For more information and pictures ask!


----------



## equiniphile (Aug 16, 2009)

More info? Pics? Location? Price?


----------



## Joe4d (Sep 1, 2011)

howabout SOME information, like any at all


----------



## Golden Horse (Feb 20, 2010)

Plenty of info in the title, just missing the vital bits like



> Pics? Location? Price?


----------



## waresbear (Jun 18, 2011)

The OP said to ask, so we asked but we didn't say the magic word.....


----------



## Golden Horse (Feb 20, 2010)

waresbear said:


> the op said to ask, so we asked but we didn't say the magic word.....



now?????


----------



## waresbear (Jun 18, 2011)

LOL, Puh-Lezzzzzzzzzzzzzzz?????


----------



## Saddlebag (Jan 17, 2011)

Trailer could be in Timbucktoo in a junk yard for all the info we've been given.


----------



## waresbear (Jun 18, 2011)

Great, I was searching for a Timbucktoo junkyard trailer!


----------



## Golden Horse (Feb 20, 2010)

Well you struck lucky then, Wares :rofl::rofl::rofl:


----------



## JumperCrazy (Sep 7, 2012)

Sorry I did not get a chance to add more information. The price is $14,000 obo the trailer is located in La Crosse, WI.

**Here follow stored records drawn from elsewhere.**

(* Let $0<R<1$ and let $f$ be a circular tractrix with parameter $R$ and constants $c_1^2-c_2^2=1$. Then $f'(t)=0$ if and only if $t\in\frac{\pi}{\lambda}\mathbb Z$. Moreover, for every $n\in\mathbb Z$ the length of the arc $f|_{[n\pi/\lambda,(n+1)\pi/\lambda]}$ between two consecutive singular points equals $$\operatorname{sign}(c_1)\,\ln\left|\frac{c_1+R}{c_1-R}\right|,$$ which is finite and positive.
   Context: Fix $0<R<1$, $\lambda=\frac{\sqrt{1-R^2}}{R}$, and real constants $c_1,c_2$ with $c_1^2-c_2^2=1$. The circular tractrix is $f(t)=\big(\xi_1\cos\tfrac tR+\xi_2\sin\tfrac tR,\ -\xi_2\cos\tfrac tR+\xi_1\sin\tfrac tR,\ \xi_3\big)$, $t\in\mathbb R$, with $\xi_1=\frac{(R-\frac1R)\cos\lambda t}{\frac{c_1}{R}+\cos\lambda t}$, $\xi_2=-\frac{\lambda\sin\lambda t}{\frac{c_1}{R}+\cos\lambda t}$, $\xi_3=\frac{\lambda c_2}{\frac{c_1}{R}+\cos\lambda t}$. *)

From Stdlib Require Import Reals.
From Coquelicot Require Import Coquelicot.
Open Scope R_scope.

Definition lam (Rr : R) : R := sqrt (1 - Rr ^ 2) / Rr.

Definition xi1 (Rr c1 : R) (t : R) : R :=
  (Rr - 1 / Rr) * cos (lam Rr * t) / (c1 / Rr + cos (lam Rr * t)).
Definition xi2 (Rr c1 : R) (t : R) : R :=
  - (lam Rr * sin (lam Rr * t)) / (c1 / Rr + cos (lam Rr * t)).
Definition xi3 (Rr c1 c2 : R) (t : R) : R :=
  lam Rr * c2 / (c1 / Rr + cos (lam Rr * t)).
(* A class $\mathcal V$ of Stone topological $\Omega$-algebras is a Stone variety if and only if there is a class $\Sigma$ of Stone pseudoidentities over Stonean spaces such that $\mathcal V$ is exactly the class of all Stone topological $\Omega$-algebras satisfying every member of $\Sigma$.
   Context: $\Omega=\biguplus_n\Omega_n$ is a fixed topological signature; a Stone topological $\Omega$-algebra is a compact Hausdorff 0-dimensional space $A$ with continuous evaluation maps $\Omega_n\times A^n\to A$. A Stone variety is a nonempty class of Stone topological algebras closed under images by onto continuous homomorphisms that are Stone topological algebras, closed subalgebras, and arbitrary direct products. A Stonean space is a compact Hausdorff extremally disconnected space (closure of every open set is open). For a topological space $X$, $\overline{\Omega}_X\mathcal{S}t_\Omega$ is the free Stone topological algebra over $X$: a Stone topological algebra with a continuous map $\iota$ from $X$ whose image generates a dense subalgebra, such that every continuous $\varphi:X\to S$ into a Stone topological algebra factors uniquely as $\hat\varphi\circ\iota$ with $\hat\varphi$ a continuous homomorphism. A Stone pseudoidentity over $X$ is a pair $(u,v)$ of elements of $\overline{\Omega}_X\mathcal{S}t_\Omega$, written $u=v$; a Stone topological algebra $S$ satisfies it if $\hat\varphi(u)=\hat\varphi(v)$ for every continuous map $\varphi:X\to S$. A Stone pseudoidentity over a Stonean space is one over some Stonean space $X$; $\Sigma$ may be a proper class and may involve different spaces $X$. *)

From HB Require Import structures.
From mathcomp Require Import all_boot all_order all_algebra.
From mathcomp Require Import all_classical all_reals all_analysis.

Set Implicit Arguments.
Unset Strict Implicit.
Unset Printing Implicit Defensive.

Local Open Scope classical_set_scope.

(* A topological signature: Omega = disjoint union of the spaces Omega_n,
   Omega_n being the topological space of n-ary operation symbols. *)
Definition tsig := nat -> topologicalType.

Record topAlg (Om : tsig) := TopAlg {
  carrier :> topologicalType;
  op : forall n : nat, Om n -> ('I_n -> carrier) -> carrier
}.
Arguments op {Om} A n w a : rename.

Definition pow_space (T : topologicalType) (n : nat) : topologicalType :=
  prod_topology (fun _ : 'I_n => T).

Definition zero_dim (T : topologicalType) : Prop :=
  forall (U : set T) (x : T), open U -> U x ->
    exists V : set T, [/\ clopen V, V x & V `<=` U].

Definition stone_space (T : topologicalType) : Prop :=
  [/\ compact [set: T], hausdorff_space T & zero_dim T].

Definition stonean_space (T : topologicalType) : Prop :=
  [/\ compact [set: T], hausdorff_space T &
      forall U : set T, open U -> open (closure U)].

Definition is_stone (Om : tsig) (A : topAlg Om) : Prop :=
  stone_space A /\
  forall n : nat,
    continuous (fun p : (Om n * pow_space A n)%type => op A n p.1 p.2).

Definition is_hom (Om : tsig) (A B : topAlg Om) (f : A -> B) : Prop :=
  forall (n : nat) (w : Om n) (a : 'I_n -> A), f (op A n w a) = op B n w (f \o a).

Definition op_closed (Om : tsig) (A : topAlg Om) (S : set A) : Prop :=
  forall (n : nat) (w : Om n) (a : 'I_n -> A), (forall i, S (a i)) -> S (op A n w a).

(* The subalgebra carried by an op-closed subset, with the subspace topology. *)
Definition subAlg (Om : tsig) (A : topAlg Om) (S : set A) (HS : op_closed S)
  : topAlg Om :=
  @TopAlg Om (set_type S)
    (fun n w a => SigSub (mem_set (HS n w (fun i => set_val (a i))
                     (fun i => set_valP (a i))))).

Definition prodAlg (Om : tsig) (I : Type) (A : I -> topAlg Om) : topAlg Om :=
  @TopAlg Om (prod_topology (fun i => A i))
    (fun n w a => fun i => op (A i) n w (fun k => a k i)).

Definition stone_variety (Om : tsig) (V : topAlg Om -> Prop) : Prop :=
  [/\ (forall A, V A -> is_stone A),
      (exists A, V A),
      (forall (A B : topAlg Om) (f : A -> B),
          V A -> is_stone B -> continuous f -> is_hom f -> (forall b : B, exists a : A, f a = b) -> V B),
      (forall (A : topAlg Om) (S : set A) (HS : op_closed S),
          V A -> closed S -> V (subAlg HS)) &
      (forall (I : Type) (A : I -> topAlg Om),
          (forall i, V (A i)) -> V (prodAlg A))].

Definition gen_sub (Om : tsig) (A : topAlg Om) (G : set A) : set A :=
  \bigcap_(S in [set S : set A | op_closed S /\ G `<=` S]) S.

Definition is_free_stone (Om : tsig) (X : topologicalType) (F : topAlg Om)
  (iota : X -> F) : Prop :=
  [/\ is_stone F, continuous iota,
      closure (gen_sub (range iota)) = [set: F] &
      forall (S : topAlg Om) (phi : X -> S), is_stone S -> continuous phi ->
        exists! h : F -> S, [/\ continuous h, is_hom h & h \o iota = phi]].

Record stonean_pseudoid (Om : tsig) := StoneanPseudoid {
  pi_space : topologicalType;
  pi_space_stonean : stonean_space pi_space;
  pi_free : topAlg Om;
  pi_iota : pi_space -> pi_free;
  pi_freeP : is_free_stone pi_iota;
  pi_lhs : pi_free;
  pi_rhs : pi_free
}.

(* S satisfies u = v: hat(phi) u = hat(phi) v for every continuous phi : X -> S,
   hat(phi) being the continuous homomorphism with hat(phi) \o iota = phi. *)
Definition satisfies (Om : tsig) (S : topAlg Om) (e : stonean_pseudoid Om)
  : Prop :=
  forall phi : pi_space e -> S, continuous phi ->
    forall h : pi_free e -> S, continuous h -> is_hom h ->
      h \o @pi_iota Om e = phi -> h (@pi_lhs Om e) = h (@pi_rhs Om e).

From HB Require Import structures.
From mathcomp Require Import all_boot all_order all_algebra.
From mathcomp Require Import all_classical all_reals all_analysis.

(* A pseudoidentity over a Stonean space X passes to direct products and
   closed subalgebras pointwise, and to continuous onto images f : A -> B by
   Gleason's theorem: X is projective among compact Hausdorff spaces, so every
   continuous map X -> B lifts along f, and uniqueness of extensions to the
   free algebra carries the identity from A to B.  The empty product satisfies
   every pseudoidentity, so equationally defined classes are Stone varieties.

   Conversely, let A satisfy every pseudoidentity valid in the variety V.  The
   ultrafilter space on A is Stonean and maps continuously onto A; extend this
   map to h : F -> A on the free Stone algebra F over it.  Each pair u, v with
   h u <> h v is a pseudoidentity failing in A, so some homomorphism into a
   member of V separates u and v.  The product G of these homomorphisms has a
   closed range, which lies in V, and h factors continuously through G, so A is
   an image of a member of V.

   Free Stone algebras exist because every Stone algebra topologically
   generated by an image of X has a copy carried by a set of sets of terms
   over X; in the product of all these copies, the closure of the subalgebra
   generated by the diagonal is free. *)

Set Implicit Arguments.
Unset Strict Implicit.
Unset Printing Implicit Defensive.

Local Open Scope classical_set_scope.

Lemma continuous_prod_topology (X : topologicalType) (I : Type)
    (K : I -> topologicalType) (f : X -> prod_topology K) :
  (forall i, continuous (fun x => f x i)) -> continuous f.
Proof.
move=> cf x; apply/cvg_sup => i.
exact: (@continuous_comp_initial (prod_topology K) X (K i) (fun g => g i) f).
Qed.

Lemma prod_coord_continuous (I : Type) (K : I -> topologicalType) (i : I) :
  continuous (fun f : prod_topology K => f i).
Proof. exact: (@proj_continuous {classic I} K i). Qed.

Lemma fst_continuous (X Y : topologicalType) : continuous (@fst X Y).
Proof. by move=> p; exact: cvg_fst. Qed.

Lemma snd_continuous (X Y : topologicalType) : continuous (@snd X Y).
Proof. by move=> p; exact: cvg_snd. Qed.

Lemma pair_cst_continuous (X Y : topologicalType) (x : X) :
  continuous (fun y : Y => (x, y)).
Proof. by move=> y; apply: cvg_pair; [exact: cvg_cst | exact: cvg_id]. Qed.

http://www.facebook.com/media/set/?set=a.187666098427.156914.763818427&type=3


----------



## natisha (Jan 11, 2011)

Wow, that's pretty clean for a 12 year old trailer. Has it always been in WI?


----------



## JumperCrazy (Sep 7, 2012)

Thank you and yes it has
_Posted via Mobile Device_


----------



## WickedNag (Sep 7, 2010)

I am so putting an awning on my 4 star this year. I keep thinking I should downsize to a two horse now but..... I love my 4 star  
Nice trailer good price, you shouldn't have it too long!


----------



## waresbear (Jun 18, 2011)

That is NOT a junkyard trailer from Timbucktoo, my search continues! OP, that trailer appears to be in very good condition & priced low, I doubt you will have any problem selling it.


----------